[[ Supplied data, beginning ]]

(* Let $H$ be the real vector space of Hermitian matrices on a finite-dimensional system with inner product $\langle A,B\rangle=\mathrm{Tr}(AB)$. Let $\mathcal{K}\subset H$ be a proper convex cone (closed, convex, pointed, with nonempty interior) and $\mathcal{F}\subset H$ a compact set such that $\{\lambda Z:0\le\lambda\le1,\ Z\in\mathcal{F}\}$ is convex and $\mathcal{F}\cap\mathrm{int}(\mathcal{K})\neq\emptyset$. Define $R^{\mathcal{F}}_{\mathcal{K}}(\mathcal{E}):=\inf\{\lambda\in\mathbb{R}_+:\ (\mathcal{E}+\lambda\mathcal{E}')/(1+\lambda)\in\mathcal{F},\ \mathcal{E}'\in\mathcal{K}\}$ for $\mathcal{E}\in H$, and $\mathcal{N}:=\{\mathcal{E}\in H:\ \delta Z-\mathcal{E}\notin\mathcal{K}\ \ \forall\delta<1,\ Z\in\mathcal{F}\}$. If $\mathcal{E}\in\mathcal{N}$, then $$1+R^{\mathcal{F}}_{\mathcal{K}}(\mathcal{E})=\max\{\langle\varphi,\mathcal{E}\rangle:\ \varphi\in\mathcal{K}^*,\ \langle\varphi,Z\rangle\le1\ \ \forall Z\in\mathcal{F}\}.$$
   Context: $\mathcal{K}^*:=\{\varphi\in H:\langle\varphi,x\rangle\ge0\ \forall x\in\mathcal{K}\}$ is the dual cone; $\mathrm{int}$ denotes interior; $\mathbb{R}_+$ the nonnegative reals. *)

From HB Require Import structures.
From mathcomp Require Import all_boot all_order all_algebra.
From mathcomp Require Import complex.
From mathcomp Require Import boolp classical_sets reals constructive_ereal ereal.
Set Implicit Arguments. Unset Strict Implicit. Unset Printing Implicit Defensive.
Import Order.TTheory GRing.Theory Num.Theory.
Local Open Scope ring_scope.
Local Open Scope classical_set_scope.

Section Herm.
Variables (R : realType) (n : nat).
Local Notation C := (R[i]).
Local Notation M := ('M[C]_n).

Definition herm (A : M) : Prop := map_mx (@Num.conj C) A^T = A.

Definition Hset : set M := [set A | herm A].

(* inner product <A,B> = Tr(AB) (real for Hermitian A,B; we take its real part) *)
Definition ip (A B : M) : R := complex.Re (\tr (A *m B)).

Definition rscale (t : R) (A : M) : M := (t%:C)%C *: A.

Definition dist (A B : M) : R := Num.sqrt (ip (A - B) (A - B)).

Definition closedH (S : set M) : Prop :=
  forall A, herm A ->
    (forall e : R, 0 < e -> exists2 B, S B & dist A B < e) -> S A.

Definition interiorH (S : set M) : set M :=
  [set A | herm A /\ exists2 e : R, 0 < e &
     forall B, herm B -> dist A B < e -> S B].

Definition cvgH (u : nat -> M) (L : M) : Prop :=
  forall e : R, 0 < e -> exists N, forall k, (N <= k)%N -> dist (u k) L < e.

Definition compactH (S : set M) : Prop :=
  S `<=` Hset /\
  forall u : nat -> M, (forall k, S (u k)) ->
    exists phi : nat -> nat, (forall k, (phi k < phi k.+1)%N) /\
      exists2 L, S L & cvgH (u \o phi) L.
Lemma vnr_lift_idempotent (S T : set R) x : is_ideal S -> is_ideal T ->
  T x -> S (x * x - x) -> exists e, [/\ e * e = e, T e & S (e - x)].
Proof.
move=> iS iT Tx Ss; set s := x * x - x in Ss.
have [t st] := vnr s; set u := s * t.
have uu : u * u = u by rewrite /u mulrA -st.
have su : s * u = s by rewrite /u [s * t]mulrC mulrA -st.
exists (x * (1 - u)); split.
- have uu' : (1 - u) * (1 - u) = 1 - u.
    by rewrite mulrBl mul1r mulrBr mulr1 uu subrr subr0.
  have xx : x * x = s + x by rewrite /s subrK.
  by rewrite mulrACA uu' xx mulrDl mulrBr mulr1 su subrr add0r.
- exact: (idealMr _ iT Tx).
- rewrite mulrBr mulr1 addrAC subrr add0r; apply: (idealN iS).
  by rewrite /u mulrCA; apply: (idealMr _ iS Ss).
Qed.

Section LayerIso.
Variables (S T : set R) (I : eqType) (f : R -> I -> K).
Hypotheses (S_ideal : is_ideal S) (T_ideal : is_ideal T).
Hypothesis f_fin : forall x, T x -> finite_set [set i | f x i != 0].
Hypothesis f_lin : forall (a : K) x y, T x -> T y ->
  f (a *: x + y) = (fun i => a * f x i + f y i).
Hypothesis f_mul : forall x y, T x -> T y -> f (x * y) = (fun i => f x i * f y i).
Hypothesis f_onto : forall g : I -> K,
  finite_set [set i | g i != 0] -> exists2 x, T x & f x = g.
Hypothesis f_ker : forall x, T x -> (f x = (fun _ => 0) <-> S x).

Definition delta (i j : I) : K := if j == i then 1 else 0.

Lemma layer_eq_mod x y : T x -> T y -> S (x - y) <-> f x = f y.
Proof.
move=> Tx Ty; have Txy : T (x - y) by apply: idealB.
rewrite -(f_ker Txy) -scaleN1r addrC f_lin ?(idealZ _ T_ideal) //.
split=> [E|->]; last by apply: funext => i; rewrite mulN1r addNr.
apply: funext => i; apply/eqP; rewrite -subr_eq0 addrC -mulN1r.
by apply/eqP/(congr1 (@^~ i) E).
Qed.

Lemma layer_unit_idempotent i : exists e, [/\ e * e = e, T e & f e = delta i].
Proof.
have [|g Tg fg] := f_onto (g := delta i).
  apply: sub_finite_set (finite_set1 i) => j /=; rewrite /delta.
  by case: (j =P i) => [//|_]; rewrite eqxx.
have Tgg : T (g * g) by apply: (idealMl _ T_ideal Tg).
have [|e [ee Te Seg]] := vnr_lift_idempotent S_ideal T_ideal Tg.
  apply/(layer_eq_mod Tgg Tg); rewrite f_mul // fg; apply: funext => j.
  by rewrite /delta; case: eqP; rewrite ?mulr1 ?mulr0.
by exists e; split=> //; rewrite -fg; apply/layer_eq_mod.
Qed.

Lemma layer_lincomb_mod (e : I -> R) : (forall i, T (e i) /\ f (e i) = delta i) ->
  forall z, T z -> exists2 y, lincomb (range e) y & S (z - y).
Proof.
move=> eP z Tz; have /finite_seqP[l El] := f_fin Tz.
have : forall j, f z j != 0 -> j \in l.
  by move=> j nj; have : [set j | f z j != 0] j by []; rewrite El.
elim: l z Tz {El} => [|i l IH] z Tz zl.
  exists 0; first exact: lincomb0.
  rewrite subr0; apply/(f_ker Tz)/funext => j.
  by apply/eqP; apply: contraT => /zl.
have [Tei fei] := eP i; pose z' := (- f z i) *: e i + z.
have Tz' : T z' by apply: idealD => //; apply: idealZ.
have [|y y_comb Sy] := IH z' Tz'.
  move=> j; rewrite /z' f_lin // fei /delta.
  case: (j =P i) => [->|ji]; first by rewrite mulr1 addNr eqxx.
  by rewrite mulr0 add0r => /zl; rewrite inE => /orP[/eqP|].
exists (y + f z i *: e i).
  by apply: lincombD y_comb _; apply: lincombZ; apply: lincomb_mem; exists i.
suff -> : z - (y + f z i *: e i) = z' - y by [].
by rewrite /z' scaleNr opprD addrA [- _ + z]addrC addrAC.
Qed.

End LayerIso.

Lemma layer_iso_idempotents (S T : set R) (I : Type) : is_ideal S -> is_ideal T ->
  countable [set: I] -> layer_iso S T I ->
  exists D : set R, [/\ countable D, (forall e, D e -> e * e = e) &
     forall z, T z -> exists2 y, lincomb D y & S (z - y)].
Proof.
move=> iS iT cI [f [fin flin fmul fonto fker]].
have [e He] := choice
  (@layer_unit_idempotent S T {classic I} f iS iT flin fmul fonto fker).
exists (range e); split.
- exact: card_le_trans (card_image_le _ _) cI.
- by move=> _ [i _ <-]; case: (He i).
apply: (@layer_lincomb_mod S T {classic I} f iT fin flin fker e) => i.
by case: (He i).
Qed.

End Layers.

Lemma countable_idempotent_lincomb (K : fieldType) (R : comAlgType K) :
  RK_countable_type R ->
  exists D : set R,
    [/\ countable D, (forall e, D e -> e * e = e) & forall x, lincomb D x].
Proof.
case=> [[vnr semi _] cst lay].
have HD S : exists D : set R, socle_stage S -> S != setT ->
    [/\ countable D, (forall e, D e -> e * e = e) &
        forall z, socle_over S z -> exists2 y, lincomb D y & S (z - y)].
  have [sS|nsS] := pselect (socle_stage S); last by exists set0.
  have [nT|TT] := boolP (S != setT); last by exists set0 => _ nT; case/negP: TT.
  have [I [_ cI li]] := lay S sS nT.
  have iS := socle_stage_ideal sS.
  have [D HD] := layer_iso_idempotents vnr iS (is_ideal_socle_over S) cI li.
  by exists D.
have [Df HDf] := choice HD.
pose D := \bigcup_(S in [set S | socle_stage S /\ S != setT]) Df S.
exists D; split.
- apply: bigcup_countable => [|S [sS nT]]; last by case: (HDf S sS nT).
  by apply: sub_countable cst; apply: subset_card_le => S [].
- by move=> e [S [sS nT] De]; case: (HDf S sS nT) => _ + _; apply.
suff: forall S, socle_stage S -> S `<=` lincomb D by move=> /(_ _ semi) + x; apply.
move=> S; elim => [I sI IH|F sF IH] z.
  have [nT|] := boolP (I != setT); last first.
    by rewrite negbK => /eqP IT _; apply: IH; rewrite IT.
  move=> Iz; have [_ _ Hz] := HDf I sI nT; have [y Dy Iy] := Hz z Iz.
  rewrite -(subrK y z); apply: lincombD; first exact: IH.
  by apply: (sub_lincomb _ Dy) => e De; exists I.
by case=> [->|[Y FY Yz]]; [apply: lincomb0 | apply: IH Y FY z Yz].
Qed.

[[ Supplied data, end ]]
[[ Supplied data, beginning ]]

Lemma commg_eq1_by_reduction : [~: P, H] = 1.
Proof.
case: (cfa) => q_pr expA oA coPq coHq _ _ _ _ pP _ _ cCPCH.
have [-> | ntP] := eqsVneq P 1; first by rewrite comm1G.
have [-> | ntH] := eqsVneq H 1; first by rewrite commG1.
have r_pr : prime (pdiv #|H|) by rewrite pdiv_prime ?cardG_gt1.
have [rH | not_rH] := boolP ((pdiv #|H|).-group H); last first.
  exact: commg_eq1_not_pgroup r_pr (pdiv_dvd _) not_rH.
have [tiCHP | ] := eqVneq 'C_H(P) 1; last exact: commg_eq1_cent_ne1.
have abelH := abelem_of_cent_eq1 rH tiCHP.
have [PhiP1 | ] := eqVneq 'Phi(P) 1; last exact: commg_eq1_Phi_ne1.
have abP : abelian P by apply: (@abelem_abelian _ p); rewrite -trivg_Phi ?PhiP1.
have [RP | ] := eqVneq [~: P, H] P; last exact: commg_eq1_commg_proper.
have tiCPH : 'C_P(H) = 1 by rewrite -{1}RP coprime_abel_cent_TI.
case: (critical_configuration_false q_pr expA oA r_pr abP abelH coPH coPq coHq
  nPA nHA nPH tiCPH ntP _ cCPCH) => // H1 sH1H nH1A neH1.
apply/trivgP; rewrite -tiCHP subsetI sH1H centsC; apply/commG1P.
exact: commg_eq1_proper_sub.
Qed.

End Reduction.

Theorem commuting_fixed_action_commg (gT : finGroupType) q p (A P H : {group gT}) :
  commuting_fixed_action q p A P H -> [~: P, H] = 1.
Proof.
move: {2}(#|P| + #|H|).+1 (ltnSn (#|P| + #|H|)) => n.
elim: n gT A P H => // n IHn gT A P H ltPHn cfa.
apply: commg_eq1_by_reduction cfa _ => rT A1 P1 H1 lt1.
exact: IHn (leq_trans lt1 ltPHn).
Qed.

[[ Supplied data, end ]]
[[ Supplied data, beginning ]]

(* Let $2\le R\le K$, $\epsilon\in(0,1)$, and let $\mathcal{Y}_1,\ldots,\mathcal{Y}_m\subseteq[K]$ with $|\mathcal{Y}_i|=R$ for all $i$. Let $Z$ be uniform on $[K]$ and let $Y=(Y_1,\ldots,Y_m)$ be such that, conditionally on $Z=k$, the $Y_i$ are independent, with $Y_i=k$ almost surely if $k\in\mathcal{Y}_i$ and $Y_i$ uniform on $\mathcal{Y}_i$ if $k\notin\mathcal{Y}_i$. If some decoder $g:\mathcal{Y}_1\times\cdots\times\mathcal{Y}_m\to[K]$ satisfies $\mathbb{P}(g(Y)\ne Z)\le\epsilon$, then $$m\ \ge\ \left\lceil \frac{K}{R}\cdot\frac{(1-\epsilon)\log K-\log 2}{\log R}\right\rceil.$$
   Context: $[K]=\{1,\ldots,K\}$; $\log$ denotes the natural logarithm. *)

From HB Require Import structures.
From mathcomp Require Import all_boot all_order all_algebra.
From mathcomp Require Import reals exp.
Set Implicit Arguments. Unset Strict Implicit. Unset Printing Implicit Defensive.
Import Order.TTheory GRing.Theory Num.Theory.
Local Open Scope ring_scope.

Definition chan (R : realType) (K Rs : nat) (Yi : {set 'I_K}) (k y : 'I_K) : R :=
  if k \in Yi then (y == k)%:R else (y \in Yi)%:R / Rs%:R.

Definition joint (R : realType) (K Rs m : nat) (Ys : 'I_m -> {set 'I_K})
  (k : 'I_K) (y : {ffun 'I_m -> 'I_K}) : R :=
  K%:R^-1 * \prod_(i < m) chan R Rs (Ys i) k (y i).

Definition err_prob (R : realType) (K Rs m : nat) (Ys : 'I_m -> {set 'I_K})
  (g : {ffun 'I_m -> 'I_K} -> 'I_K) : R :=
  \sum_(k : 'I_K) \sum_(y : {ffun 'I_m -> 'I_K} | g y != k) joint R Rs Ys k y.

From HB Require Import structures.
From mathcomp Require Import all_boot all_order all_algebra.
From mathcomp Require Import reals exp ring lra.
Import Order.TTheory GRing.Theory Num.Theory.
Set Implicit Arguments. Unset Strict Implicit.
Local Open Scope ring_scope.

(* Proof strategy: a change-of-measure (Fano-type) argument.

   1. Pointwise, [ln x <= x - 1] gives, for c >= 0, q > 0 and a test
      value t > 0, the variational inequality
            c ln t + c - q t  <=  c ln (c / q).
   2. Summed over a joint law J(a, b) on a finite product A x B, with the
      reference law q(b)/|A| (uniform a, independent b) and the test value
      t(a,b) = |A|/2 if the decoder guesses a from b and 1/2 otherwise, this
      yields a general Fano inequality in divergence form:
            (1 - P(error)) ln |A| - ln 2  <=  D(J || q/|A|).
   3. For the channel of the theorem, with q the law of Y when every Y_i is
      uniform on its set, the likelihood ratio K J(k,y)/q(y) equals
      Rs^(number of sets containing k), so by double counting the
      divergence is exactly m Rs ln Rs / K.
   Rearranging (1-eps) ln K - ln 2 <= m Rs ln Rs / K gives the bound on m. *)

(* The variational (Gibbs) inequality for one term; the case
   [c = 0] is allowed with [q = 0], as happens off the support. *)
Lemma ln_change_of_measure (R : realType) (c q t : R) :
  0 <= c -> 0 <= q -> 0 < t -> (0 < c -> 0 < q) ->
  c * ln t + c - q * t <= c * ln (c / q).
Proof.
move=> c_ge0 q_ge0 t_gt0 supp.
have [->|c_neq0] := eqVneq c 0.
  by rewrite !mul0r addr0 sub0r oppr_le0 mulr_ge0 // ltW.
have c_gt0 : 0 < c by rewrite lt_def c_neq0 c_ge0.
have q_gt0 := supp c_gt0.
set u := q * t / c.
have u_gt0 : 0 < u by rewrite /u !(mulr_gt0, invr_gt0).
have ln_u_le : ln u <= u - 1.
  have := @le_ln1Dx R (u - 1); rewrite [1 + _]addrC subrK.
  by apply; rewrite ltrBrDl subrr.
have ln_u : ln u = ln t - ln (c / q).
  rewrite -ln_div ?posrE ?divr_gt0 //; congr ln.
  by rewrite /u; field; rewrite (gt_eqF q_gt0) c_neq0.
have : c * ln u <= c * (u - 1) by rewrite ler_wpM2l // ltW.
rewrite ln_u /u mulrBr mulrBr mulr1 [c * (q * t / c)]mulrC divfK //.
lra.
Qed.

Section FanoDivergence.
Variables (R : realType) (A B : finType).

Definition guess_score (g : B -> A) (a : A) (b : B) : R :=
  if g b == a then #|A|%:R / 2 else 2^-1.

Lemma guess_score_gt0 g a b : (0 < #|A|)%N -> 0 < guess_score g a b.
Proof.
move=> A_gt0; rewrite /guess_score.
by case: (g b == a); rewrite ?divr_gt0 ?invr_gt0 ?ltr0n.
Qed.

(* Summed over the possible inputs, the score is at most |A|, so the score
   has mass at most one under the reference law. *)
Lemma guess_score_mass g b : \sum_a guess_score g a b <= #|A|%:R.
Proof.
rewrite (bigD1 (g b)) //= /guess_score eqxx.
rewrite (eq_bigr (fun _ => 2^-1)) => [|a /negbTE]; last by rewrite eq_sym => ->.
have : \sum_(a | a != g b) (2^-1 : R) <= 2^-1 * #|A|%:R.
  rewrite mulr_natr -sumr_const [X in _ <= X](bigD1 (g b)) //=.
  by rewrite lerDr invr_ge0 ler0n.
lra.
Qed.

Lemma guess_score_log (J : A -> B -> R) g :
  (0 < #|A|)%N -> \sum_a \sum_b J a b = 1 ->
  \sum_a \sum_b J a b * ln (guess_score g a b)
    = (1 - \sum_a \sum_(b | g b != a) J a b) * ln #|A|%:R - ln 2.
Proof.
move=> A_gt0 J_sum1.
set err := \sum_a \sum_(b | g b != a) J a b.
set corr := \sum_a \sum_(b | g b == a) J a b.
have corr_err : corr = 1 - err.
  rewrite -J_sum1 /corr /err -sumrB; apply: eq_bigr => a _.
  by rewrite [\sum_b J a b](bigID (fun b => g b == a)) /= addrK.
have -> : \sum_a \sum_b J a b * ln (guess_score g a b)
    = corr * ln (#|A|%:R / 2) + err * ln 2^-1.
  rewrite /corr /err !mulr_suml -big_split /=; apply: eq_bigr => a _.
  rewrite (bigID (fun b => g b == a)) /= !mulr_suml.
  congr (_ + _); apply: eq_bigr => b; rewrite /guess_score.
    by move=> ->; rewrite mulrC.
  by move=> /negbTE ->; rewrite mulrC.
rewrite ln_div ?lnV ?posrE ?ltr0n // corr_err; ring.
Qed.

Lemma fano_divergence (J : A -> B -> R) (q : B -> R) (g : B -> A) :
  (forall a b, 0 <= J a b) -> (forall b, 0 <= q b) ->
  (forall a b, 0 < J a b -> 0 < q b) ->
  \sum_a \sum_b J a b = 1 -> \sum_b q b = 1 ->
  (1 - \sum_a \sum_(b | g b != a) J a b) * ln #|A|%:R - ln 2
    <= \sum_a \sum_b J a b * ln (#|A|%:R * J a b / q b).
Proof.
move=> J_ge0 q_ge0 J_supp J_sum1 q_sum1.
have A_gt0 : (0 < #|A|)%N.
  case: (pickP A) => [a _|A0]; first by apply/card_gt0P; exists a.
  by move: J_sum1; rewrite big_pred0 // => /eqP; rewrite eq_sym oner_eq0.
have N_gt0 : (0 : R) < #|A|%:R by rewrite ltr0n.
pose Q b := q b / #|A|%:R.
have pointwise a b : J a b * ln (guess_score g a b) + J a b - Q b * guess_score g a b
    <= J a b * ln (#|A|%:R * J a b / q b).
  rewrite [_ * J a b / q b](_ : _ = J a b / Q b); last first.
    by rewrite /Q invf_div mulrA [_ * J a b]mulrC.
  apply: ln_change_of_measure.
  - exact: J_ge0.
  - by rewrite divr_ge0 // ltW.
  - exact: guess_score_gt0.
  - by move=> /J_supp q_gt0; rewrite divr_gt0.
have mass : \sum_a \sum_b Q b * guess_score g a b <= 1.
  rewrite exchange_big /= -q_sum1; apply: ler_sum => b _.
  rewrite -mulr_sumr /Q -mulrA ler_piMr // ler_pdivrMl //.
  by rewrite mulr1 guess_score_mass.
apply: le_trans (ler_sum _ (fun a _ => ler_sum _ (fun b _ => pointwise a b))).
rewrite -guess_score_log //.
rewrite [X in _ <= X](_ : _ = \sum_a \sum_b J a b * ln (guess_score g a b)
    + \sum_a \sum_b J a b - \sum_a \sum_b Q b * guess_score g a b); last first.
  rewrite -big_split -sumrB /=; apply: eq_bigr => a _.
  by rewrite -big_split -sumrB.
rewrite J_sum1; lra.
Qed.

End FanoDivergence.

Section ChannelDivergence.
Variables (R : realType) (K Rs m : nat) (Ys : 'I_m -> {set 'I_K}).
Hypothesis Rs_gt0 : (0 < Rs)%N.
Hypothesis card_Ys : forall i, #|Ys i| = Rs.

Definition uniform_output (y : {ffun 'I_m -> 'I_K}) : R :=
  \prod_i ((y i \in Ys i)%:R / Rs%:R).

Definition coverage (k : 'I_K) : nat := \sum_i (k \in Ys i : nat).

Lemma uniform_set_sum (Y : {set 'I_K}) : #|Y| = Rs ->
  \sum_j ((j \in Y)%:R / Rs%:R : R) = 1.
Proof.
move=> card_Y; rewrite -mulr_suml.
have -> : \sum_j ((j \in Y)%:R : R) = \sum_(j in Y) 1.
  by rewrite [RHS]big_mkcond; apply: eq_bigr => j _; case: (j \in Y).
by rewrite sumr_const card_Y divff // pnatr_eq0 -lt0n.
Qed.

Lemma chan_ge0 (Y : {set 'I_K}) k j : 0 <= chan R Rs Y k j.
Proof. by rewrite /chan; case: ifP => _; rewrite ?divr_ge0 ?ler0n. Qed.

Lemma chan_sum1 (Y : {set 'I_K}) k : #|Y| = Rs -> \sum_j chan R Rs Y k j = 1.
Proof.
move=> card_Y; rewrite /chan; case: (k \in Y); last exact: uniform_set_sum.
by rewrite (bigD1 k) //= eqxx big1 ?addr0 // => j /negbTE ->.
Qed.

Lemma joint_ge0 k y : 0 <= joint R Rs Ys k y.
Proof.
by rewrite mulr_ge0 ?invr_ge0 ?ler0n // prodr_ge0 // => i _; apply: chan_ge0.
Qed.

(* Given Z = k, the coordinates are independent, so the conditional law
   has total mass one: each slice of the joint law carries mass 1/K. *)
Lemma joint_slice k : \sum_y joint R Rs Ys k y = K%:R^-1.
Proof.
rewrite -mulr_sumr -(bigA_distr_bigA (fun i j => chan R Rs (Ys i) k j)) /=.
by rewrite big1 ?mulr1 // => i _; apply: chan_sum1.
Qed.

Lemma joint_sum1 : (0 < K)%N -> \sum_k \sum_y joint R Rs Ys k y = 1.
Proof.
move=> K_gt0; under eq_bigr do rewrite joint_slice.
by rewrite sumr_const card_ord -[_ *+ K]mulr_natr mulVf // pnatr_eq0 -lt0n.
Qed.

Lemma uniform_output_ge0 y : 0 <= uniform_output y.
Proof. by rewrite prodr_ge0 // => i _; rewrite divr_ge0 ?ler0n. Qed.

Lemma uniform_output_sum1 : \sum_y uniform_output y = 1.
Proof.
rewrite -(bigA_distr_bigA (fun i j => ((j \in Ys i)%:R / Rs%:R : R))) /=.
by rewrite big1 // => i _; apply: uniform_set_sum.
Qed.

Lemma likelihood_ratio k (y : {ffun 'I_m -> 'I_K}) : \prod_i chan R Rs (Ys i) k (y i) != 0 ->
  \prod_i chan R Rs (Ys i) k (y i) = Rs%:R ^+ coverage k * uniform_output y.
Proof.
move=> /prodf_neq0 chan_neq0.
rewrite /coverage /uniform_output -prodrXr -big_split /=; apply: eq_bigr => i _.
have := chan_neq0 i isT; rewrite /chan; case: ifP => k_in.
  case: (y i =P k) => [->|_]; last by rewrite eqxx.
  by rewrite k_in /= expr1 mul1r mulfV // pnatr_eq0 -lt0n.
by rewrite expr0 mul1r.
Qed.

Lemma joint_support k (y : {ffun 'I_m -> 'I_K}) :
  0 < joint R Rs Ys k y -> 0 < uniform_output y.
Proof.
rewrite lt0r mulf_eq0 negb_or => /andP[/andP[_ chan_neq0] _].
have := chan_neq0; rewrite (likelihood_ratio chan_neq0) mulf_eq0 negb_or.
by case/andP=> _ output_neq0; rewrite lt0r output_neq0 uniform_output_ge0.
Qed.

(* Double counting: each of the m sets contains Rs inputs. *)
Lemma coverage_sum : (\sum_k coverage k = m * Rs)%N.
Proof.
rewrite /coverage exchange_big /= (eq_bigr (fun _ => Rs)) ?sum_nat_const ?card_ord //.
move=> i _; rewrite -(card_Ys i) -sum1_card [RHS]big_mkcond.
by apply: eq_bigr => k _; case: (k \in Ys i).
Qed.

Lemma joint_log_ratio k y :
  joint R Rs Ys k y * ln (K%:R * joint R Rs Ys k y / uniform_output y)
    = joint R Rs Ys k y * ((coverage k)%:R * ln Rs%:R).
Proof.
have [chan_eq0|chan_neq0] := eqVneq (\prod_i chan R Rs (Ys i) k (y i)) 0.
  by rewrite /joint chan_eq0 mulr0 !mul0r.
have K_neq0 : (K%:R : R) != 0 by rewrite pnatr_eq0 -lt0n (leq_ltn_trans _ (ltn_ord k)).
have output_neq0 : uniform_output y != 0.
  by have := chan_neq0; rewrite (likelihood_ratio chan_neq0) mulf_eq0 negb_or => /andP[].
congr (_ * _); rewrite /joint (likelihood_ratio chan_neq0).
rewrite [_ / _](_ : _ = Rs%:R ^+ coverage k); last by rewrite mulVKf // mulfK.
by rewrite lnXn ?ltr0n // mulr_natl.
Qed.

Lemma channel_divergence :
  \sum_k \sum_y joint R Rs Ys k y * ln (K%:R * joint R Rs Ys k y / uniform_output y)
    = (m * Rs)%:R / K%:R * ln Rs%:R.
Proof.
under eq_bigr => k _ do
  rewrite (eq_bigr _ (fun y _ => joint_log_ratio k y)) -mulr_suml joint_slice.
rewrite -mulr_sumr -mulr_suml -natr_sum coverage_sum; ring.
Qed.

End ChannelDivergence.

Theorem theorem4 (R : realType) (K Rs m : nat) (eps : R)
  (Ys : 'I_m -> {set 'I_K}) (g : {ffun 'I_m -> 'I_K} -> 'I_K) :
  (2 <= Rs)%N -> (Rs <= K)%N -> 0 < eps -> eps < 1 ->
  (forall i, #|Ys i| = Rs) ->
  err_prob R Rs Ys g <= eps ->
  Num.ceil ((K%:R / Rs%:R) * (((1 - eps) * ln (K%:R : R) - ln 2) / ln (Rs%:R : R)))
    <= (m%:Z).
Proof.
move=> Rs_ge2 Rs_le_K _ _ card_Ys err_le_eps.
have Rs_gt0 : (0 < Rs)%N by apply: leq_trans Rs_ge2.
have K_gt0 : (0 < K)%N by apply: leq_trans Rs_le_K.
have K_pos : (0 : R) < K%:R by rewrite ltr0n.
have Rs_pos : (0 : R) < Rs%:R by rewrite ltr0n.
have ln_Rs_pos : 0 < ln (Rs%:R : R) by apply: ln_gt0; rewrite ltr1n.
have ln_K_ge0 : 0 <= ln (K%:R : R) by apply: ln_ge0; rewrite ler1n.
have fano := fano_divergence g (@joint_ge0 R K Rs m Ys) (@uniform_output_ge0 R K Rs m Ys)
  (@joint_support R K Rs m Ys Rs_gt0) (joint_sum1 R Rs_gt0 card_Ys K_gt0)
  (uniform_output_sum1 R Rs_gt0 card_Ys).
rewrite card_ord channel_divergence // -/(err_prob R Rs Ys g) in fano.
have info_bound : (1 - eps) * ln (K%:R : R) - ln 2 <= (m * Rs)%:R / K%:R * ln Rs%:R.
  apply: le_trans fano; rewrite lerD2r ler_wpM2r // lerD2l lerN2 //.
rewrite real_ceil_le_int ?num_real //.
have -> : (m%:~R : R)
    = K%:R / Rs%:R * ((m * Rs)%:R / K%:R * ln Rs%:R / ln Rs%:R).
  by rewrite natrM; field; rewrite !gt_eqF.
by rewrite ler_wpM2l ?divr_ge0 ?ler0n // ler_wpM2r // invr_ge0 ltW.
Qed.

[[ Supplied data, end ]]

Of the entries above, repeat exactly the lines from the line with "Hypotheses (S_ideal : is_ideal" through the line with "by case: (j =P i) => [//|_]; rewrite eqxx.", both of them included.

Hypotheses (S_ideal : is_ideal S) (T_ideal : is_ideal T).
Hypothesis f_fin : forall x, T x -> finite_set [set i | f x i != 0].
Hypothesis f_lin : forall (a : K) x y, T x -> T y ->
  f (a *: x + y) = (fun i => a * f x i + f y i).
Hypothesis f_mul : forall x y, T x -> T y -> f (x * y) = (fun i => f x i * f y i).
Hypothesis f_onto : forall g : I -> K,
  finite_set [set i | g i != 0] -> exists2 x, T x & f x = g.
Hypothesis f_ker : forall x, T x -> (f x = (fun _ => 0) <-> S x).

Definition delta (i j : I) : K := if j == i then 1 else 0.

Lemma layer_eq_mod x y : T x -> T y -> S (x - y) <-> f x = f y.
Proof.
move=> Tx Ty; have Txy : T (x - y) by apply: idealB.
rewrite -(f_ker Txy) -scaleN1r addrC f_lin ?(idealZ _ T_ideal) //.
split=> [E|->]; last by apply: funext => i; rewrite mulN1r addNr.
apply: funext => i; apply/eqP; rewrite -subr_eq0 addrC -mulN1r.
by apply/eqP/(congr1 (@^~ i) E).
Qed.

Lemma layer_unit_idempotent i : exists e, [/\ e * e = e, T e & f e = delta i].
Proof.
have [|g Tg fg] := f_onto (g := delta i).
  apply: sub_finite_set (finite_set1 i) => j /=; rewrite /delta.
  by case: (j =P i) => [//|_]; rewrite eqxx.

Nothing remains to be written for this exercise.